Лицо Волкова расплылось в широкую довольную улыбку. Он подмигнул Кислякову:
— Какого молодца-то я нанял, а? Уж Волков, Миша, не ошибется!
Раскрасневшаяся от жары и водки, Прасковья Васильевна наклонилась к Григорию:
— Это счастье ваше, Григорий Васильевич, что к Арсению Ефимовичу попали,— сказала она, обдавая его жарким проспиртованным дыханьем и крепким запахом пота. — Его все знают, у него служить вам будет легко. И в наш клуб будете ходить по его карточке.
— Я могу вступить членом...
Прасковья Васильевна засмеялась, замахала рукой, бурный хмельной смех не давал ей говорить. Жена Волкова пояснила Григорию причину ее смеха:
— В члены клуба принимают только представителей фирм, заводчиков и самостоятельных хозяев. Они нарочно установили высокий членский взнос, чтобы не принимать мелких служащих, чувствовать себя без них свободней.
Григорий с удивлением взглянул на жену Волкова: в голосе этой дамы с аккуратно зачесанными седыми прядями волос слышалось осуждение среды, к которой она сама принадлежала.

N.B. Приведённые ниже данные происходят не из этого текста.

(* Let $b>\tfrac12$ and $m\in\mathbb Z$, and define the functions $f(t)=\vartheta_3(\pi t+2\pi bm,\,ib)$ and $g(t)=\vartheta_3(\pi t,\,ib)$ for $t\in\mathbb R$. Then $$\sup_{t\in\mathbb R}|f(t)-g(t)|\le 8\pi|m|\,(b-\tfrac12)\sum_{k=1}^\infty k\,e^{-\pi bk^2}.$$
   Context: For $z,t\in\mathbb C$ with $\operatorname{Im}t>0$: $\vartheta_3(z,t)=\sum_{n\in\mathbb Z}e^{\pi i t n^2}e^{2izn}$. *)

From Stdlib Require Import Reals ZArith.
From Coquelicot Require Import Coquelicot.
Open Scope R_scope.

Definition Cexp (z : C) : C :=
  (exp (Re z) * cos (Im z), exp (Re z) * sin (Im z)).

(* Sum of a complex series sum_{n >= 0} a n, computed componentwise
   (C = R * R): real part = sum of real parts, imaginary part = sum of
   imaginary parts; this is the usual sum whenever the series converges. *)
Definition CSeries (a : nat -> C) : C :=
  (Series (fun n => Re (a n)), Series (fun n => Im (a n))).

Definition CSeriesZ (a : Z -> C) : C :=
  (CSeries (fun n => a (Z.of_nat n)) + CSeries (fun n => a (- Z.of_nat (S n))%Z))%C.

Definition theta3 (z t : C) : C :=
  CSeriesZ (fun n : Z =>
    (Cexp (RtoC PI * Ci * t * RtoC (IZR n) ^ 2) * Cexp (2 * Ci * z * RtoC (IZR n)))%C).

Definition Series1 (a : nat -> R) : R := Series (fun k => a (S k)).

(* For real [x] the theta series at [t = i b] is the real Fourier series
   [theta3(x, i b) = 1 + 2 sum_{k>=1} e^{-pi b k^2} cos (2 k x)], which is
   [pi]-periodic and, since [cos] is 1-Lipschitz, Lipschitz in [x] with constant
   [4 sum_{k>=1} k e^{-pi b k^2}].  Writing the shift as
   [2 pi b m = pi m + 2 pi (b - 1/2) m], periodicity removes [pi m] and the
   Lipschitz bound applied to the remaining shift gives the estimate. *)

From Stdlib Require Import Reals ZArith Lra Psatz.
From Coquelicot Require Import Coquelicot.
Open Scope R_scope.

Lemma cos_period_Z (x : R) (k : Z) : cos (x + 2 * IZR k * PI) = cos x.
Proof.
  destruct k as [|p|p].
  - now rewrite Rmult_0_r, Rmult_0_l, Rplus_0_r.
  - rewrite <- (positive_nat_Z p), <- INR_IZR_INZ; apply cos_period.
  - rewrite <- Pos2Z.opp_pos, opp_IZR, <- (positive_nat_Z p), <- INR_IZR_INZ.
    rewrite <- (cos_period _ (Pos.to_nat p)).
    f_equal; ring.
Qed.

Lemma Rabs_cos_sub_le (u v : R) : Rabs (cos u - cos v) <= Rabs (u - v).
Proof.
  destruct (MVT_abs cos (fun c => - sin c) v u) as [c [-> _]].
  { intros; apply derivable_pt_lim_cos. }
  rewrite Rabs_Ropp.
  pose proof (Rabs_pos (u - v)).
  assert (Rabs (sin c) <= 1) by apply Rabs_le, SIN_bound.
  nra.
Qed.

Lemma Rabs_Series_le (a u : nat -> R) :
  (forall n, Rabs (a n) <= u n) -> ex_series u -> Rabs (Series a) <= Series u.
Proof.
  intros a_le_u u_ex.
  assert (abs_ex : ex_series (fun n => Rabs (a n))).
  { apply (ex_series_le (V := R_CompleteNormedModule) _ u); [|exact u_ex].
    intro n; change (Rabs (Rabs (a n)) <= u n); rewrite Rabs_Rabsolu; apply a_le_u. }
  apply (Rle_trans _ _ _ (Series_Rabs a abs_ex)).
  apply Series_le; [|exact u_ex].
  intro n; split; [apply Rabs_pos | apply a_le_u].
Qed.

Definition theta_cos (b x y : R) : R := exp (- PI * b * y ^ 2) * cos (2 * x * y).
Definition theta_sin (b x y : R) : R := exp (- PI * b * y ^ 2) * sin (2 * x * y).

Definition theta_real (b x : R) : R :=
  1 + 2 * Series1 (fun k => theta_cos b x (INR k)).

Lemma theta_cos_opp (b x y : R) : theta_cos b x (- y) = theta_cos b x y.
Proof.
  unfold theta_cos.
  replace (2 * x * - y) with (- (2 * x * y)) by ring.
  now rewrite cos_neg, <- Rsqr_pow2, <- Rsqr_neg, Rsqr_pow2.
Qed.

Lemma theta_sin_opp (b x y : R) : theta_sin b x (- y) = - theta_sin b x y.
Proof.
  unfold theta_sin.
  replace (2 * x * - y) with (- (2 * x * y)) by ring.
  rewrite sin_neg, <- Rsqr_pow2, <- Rsqr_neg, Rsqr_pow2; ring.
Qed.

Lemma theta3_term_imag_axis (b x : R) (n : Z) :
  (Cexp (RtoC PI * Ci * ((0, b) : C) * RtoC (IZR n) ^ 2) *
   Cexp (2 * Ci * RtoC x * RtoC (IZR n)))%C
  = (theta_cos b x (IZR n), theta_sin b x (IZR n)).
Proof.
  replace (RtoC PI * Ci * ((0, b) : C) * RtoC (IZR n) ^ 2)%C
    with ((- PI * b * IZR n ^ 2, 0) : C)
    by (unfold Cpow, Cmult, RtoC, Ci; simpl; f_equal; ring).
  replace (2 * Ci * RtoC x * RtoC (IZR n))%C with ((0, 2 * x * IZR n) : C)
    by (unfold Cmult, RtoC, Ci; simpl; f_equal; ring).
  unfold Cexp, Cmult, theta_cos, theta_sin; simpl.
  rewrite cos_0, sin_0, exp_0; f_equal; ring.
Qed.

Lemma theta_real_shift_pi (b x : R) (m : Z) :
  theta_real b (x + PI * IZR m) = theta_real b x.
Proof.
  unfold theta_real, Series1; do 2 f_equal.
  apply Series_ext; intro n; unfold theta_cos; f_equal.
  rewrite <- (cos_period_Z (2 * x * INR (S n)) (m * Z.of_nat (S n))), mult_IZR,
    <- INR_IZR_INZ.
  f_equal; ring.
Qed.

Lemma theta_cos_sub_le (b x y k : R) : 0 <= k ->
  Rabs (theta_cos b y k - theta_cos b x k)
    <= 2 * Rabs (y - x) * (k * exp (- PI * b * k ^ 2)).
Proof.
  intros k_ge0; unfold theta_cos.
  rewrite <- Rmult_minus_distr_l, Rabs_mult, (Rabs_pos_eq (exp _))
    by (left; apply exp_pos).
  pose proof (Rabs_cos_sub_le (2 * y * k) (2 * x * k)) as cos_le.
  replace (2 * y * k - 2 * x * k) with ((y - x) * (2 * k)) in cos_le by ring.
  rewrite Rabs_mult, (Rabs_pos_eq (2 * k)) in cos_le by lra.
  pose proof (exp_pos (- PI * b * k ^ 2)).
  nra.
Qed.

Section GaussianWeights.

Variable b : R.
Hypothesis hb : 1 / 2 < b.

(* [pi b > 3/2] is what makes [e^{-1/2}] a common geometric majorant. *)
Lemma gauss_weight_le_geom (n : nat) :
  (1 + INR n) * exp (- PI * b * INR n ^ 2) <= exp (- 1 / 2) ^ n.
Proof.
  assert (geom_eq : exp (- 1 / 2) ^ n = exp (- INR n / 2)).
  { induction n as [|n IH]; simpl pow.
    - simpl; replace (- 0 / 2) with 0 by field; now rewrite exp_0.
    - rewrite IH, <- exp_plus, S_INR; f_equal; field. }
  rewrite geom_eq.
  apply (Rle_trans _ (exp (INR n) * exp (- PI * b * INR n ^ 2))).
  { apply Rmult_le_compat_r; [left; apply exp_pos | apply exp_ineq1_le]. }
  rewrite <- exp_plus.
  assert (exponent_le : INR n + - PI * b * INR n ^ 2 <= - INR n / 2).
  { pose proof PI2_3_2; pose proof (pos_INR n).
    assert (INR n <= INR n ^ 2).
    { destruct n as [|n]; [simpl; lra|]. pose proof (pos_INR n). rewrite S_INR; nra. }
    assert (3 / 2 < PI * b) by nra.
    nra. }
  destruct exponent_le as [lt | ->]; [left; now apply exp_increasing | now right].
Qed.

Lemma ex_series_gauss_dom (a : nat -> R) :
  (forall n, Rabs (a n) <= (1 + INR n) * exp (- PI * b * INR n ^ 2)) ->
  ex_series a.
Proof.
  intros a_le.
  apply (ex_series_le (V := R_CompleteNormedModule) a (fun n => exp (- 1 / 2) ^ n)).
  - intro n; apply (Rle_trans _ _ _ (a_le n)), gauss_weight_le_geom.
  - apply ex_series_geom.
    rewrite Rabs_pos_eq by (left; apply exp_pos).
    rewrite <- exp_0; apply exp_increasing; lra.
Qed.

Lemma Rabs_theta_trig_le (x : R) (trig : R -> R) (n : nat) :
  Rabs (trig (2 * x * INR n)) <= 1 ->
  Rabs (exp (- PI * b * INR n ^ 2) * trig (2 * x * INR n))
    <= (1 + INR n) * exp (- PI * b * INR n ^ 2).
Proof.
  intros trig_le.
  rewrite Rabs_mult, (Rabs_pos_eq (exp _)) by (left; apply exp_pos).
  pose proof (exp_pos (- PI * b * INR n ^ 2)); pose proof (pos_INR n).
  nra.
Qed.

Lemma ex_series_theta_cos (x : R) : ex_series (fun n => theta_cos b x (INR n)).
Proof.
  apply ex_series_gauss_dom; intro n.
  apply Rabs_theta_trig_le, Rabs_le, COS_bound.
Qed.

Lemma ex_series_theta_sin (x : R) : ex_series (fun n => theta_sin b x (INR n)).
Proof.
  apply ex_series_gauss_dom; intro n.
  apply Rabs_theta_trig_le, Rabs_le, SIN_bound.
Qed.

Lemma ex_series_gauss_moment :
  ex_series (fun k => INR (S k) * exp (- PI * b * INR (S k) ^ 2)).
Proof.
  apply (ex_series_incr_1 (fun k => INR k * exp (- PI * b * INR k ^ 2))).
  apply ex_series_gauss_dom; intro n.
  pose proof (exp_pos (- PI * b * INR n ^ 2)); pose proof (pos_INR n).
  rewrite Rabs_pos_eq; nra.
Qed.

Lemma theta3_imag_axis (x : R) :
  theta3 (RtoC x) ((0, b) : C) = RtoC (theta_real b x).
Proof.
  unfold theta3.
  set (a := fun n : Z => (Cexp (RtoC PI * Ci * ((0, b) : C) * RtoC (IZR n) ^ 2) *
                          Cexp (2 * Ci * RtoC x * RtoC (IZR n)))%C).
  unfold CSeriesZ, CSeries.
  assert (a_nat : forall n, a (Z.of_nat n) = (theta_cos b x (INR n), theta_sin b x (INR n)))
    by (intro n; unfold a; now rewrite theta3_term_imag_axis, <- INR_IZR_INZ).
  assert (a_neg : forall n, a (- Z.of_nat n)%Z
                            = (theta_cos b x (INR n), - theta_sin b x (INR n))).
  { intro n; unfold a.
    now rewrite theta3_term_imag_axis, opp_IZR, <- INR_IZR_INZ,
      theta_cos_opp, theta_sin_opp. }
  rewrite (Series_ext _ _ (fun n => f_equal Re (a_nat n))),
    (Series_ext _ _ (fun n => f_equal Im (a_nat n))),
    (Series_ext _ _ (fun n => f_equal Re (a_neg (S n)))),
    (Series_ext _ _ (fun n => f_equal Im (a_neg (S n)))); cbn [Re Im fst snd].
  rewrite Series_opp, (Series_incr_1 _ (ex_series_theta_cos x)),
    (Series_incr_1 _ (ex_series_theta_sin x)).
  unfold theta_real, Series1, RtoC, Cplus; cbn [fst snd]; change (INR 0) with 0.
  unfold theta_cos at 1, theta_sin at 1; rewrite !Rmult_0_r, cos_0, sin_0.
  replace (- PI * b * 0 ^ 2) with 0 by ring; rewrite exp_0.
  f_equal; ring.
Qed.

Lemma theta_real_lipschitz (x y : R) :
  Rabs (theta_real b y - theta_real b x)
    <= 4 * Rabs (y - x) * Series1 (fun k => INR k * exp (- PI * b * INR k ^ 2)).
Proof.
  assert (shifted_ex : forall z, ex_series (fun k => theta_cos b z (INR (S k))))
    by (intro z; apply (ex_series_incr_1 (fun k => theta_cos b z (INR k))),
                       ex_series_theta_cos).
  assert (affine : forall A B, 1 + 2 * A - (1 + 2 * B) = 2 * (A - B)) by (intros; ring).
  unfold theta_real, Series1; rewrite affine, <- Series_minus by apply shifted_ex.
  rewrite Rabs_mult, (Rabs_pos_eq 2) by lra.
  replace (4 * Rabs (y - x)) with (2 * (2 * Rabs (y - x))) by ring.
  rewrite Rmult_assoc, <- Series_scal_l; apply Rmult_le_compat_l; [lra|].
  apply Rabs_Series_le.
  - intro n; apply theta_cos_sub_le, pos_INR.
  - apply (ex_series_scal_l (V := R_NormedModule)), ex_series_gauss_moment.
Qed.

End GaussianWeights.

Theorem lemma6p1 (b : R) (m : Z) (hb : 1 / 2 < b) :
  let f := fun t : R => theta3 (RtoC (PI * t + 2 * PI * b * IZR m)) ((0, b) : C) in
  let g := fun t : R => theta3 (RtoC (PI * t)) ((0, b) : C) in
  forall t : R,
    Cmod (f t - g t)%C <=
    8 * PI * Rabs (IZR m) * (b - 1 / 2) *
      Series1 (fun k : nat => INR k * exp (- PI * b * INR k ^ 2)).
Proof.
  intros f g t; unfold f, g.
  rewrite !theta3_imag_axis by exact hb.
  replace (RtoC _ - RtoC _)%C
    with (RtoC (theta_real b (PI * t + 2 * PI * b * IZR m) - theta_real b (PI * t)))
    by (unfold RtoC, Cminus, Cplus, Copp; simpl; f_equal; ring).
  rewrite Cmod_R.
  replace (PI * t + 2 * PI * b * IZR m)
    with (PI * t + 2 * PI * (b - 1 / 2) * IZR m + PI * IZR m) by field.
  rewrite theta_real_shift_pi.
  eapply Rle_trans; [apply theta_real_lipschitz, hb|].
  replace (PI * t + 2 * PI * (b - 1 / 2) * IZR m - PI * t)
    with ((2 * PI * (b - 1 / 2)) * IZR m) by ring.
  pose proof PI_RGT_0.
  rewrite Rabs_mult, (Rabs_pos_eq (2 * PI * (b - 1 / 2))) by nra.
  right; ring.
Qed.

Кисляков быстро хмелел. Его обвислые мокрые усы теперь закрывали весь рот, лицо налилось кровью. Он жаловался Волкову на Клингеля:
— Положительно невозможный человек! Я говорю ему: «надо привлекать к работе энергичных, знающих край людей». А он насупился, молчит. Он не может развернуть работу банка. В конце концов правление просто закроет отделение. И тогда все наши с тобой
мечты о широком развитии русского дела в ханстве погибнут. И он еще называет себя русским финансистом, этот человек, абсолютно лишенный всяких корпоративных чувств.
— А ты говорил ему обо мне?— спросил Волков, наполняя водкой рюмку Кислякова.
— О тебе и разговор шел... Нет, ты подумай, он как-то при мне посмел назвать тебя ловкачом!
— Когда ж это коммерсант-то ловким не был, а? В коммерции надо быть ловким, Миша. Ты под чужую шкуру не залезешь,—тебе под шкурку залезут. Сумел— взял, не сумел —- свое отдал. В коммерции лучше быть жуликом, чем дураком. Мы банковские-то дела хорошо знаем, Миша, там ловкачи сидят почище нас, грешных. Клингель-то и сам хапнуть приехал. Черт его понес бы из Петербурга в Новый Ургенч отделением банка заведовать. У его отца, говорят, в Питере банкирская контора. Он бы давно хапнул, да не знает с какого бока приниматься. А я, Миша, с банковскими кредитами могу и подождать, мне не к спеху.
Мутный взор Кислякова упал на Григория, с недоумением слушавшего хмельные рассуждения Волкова.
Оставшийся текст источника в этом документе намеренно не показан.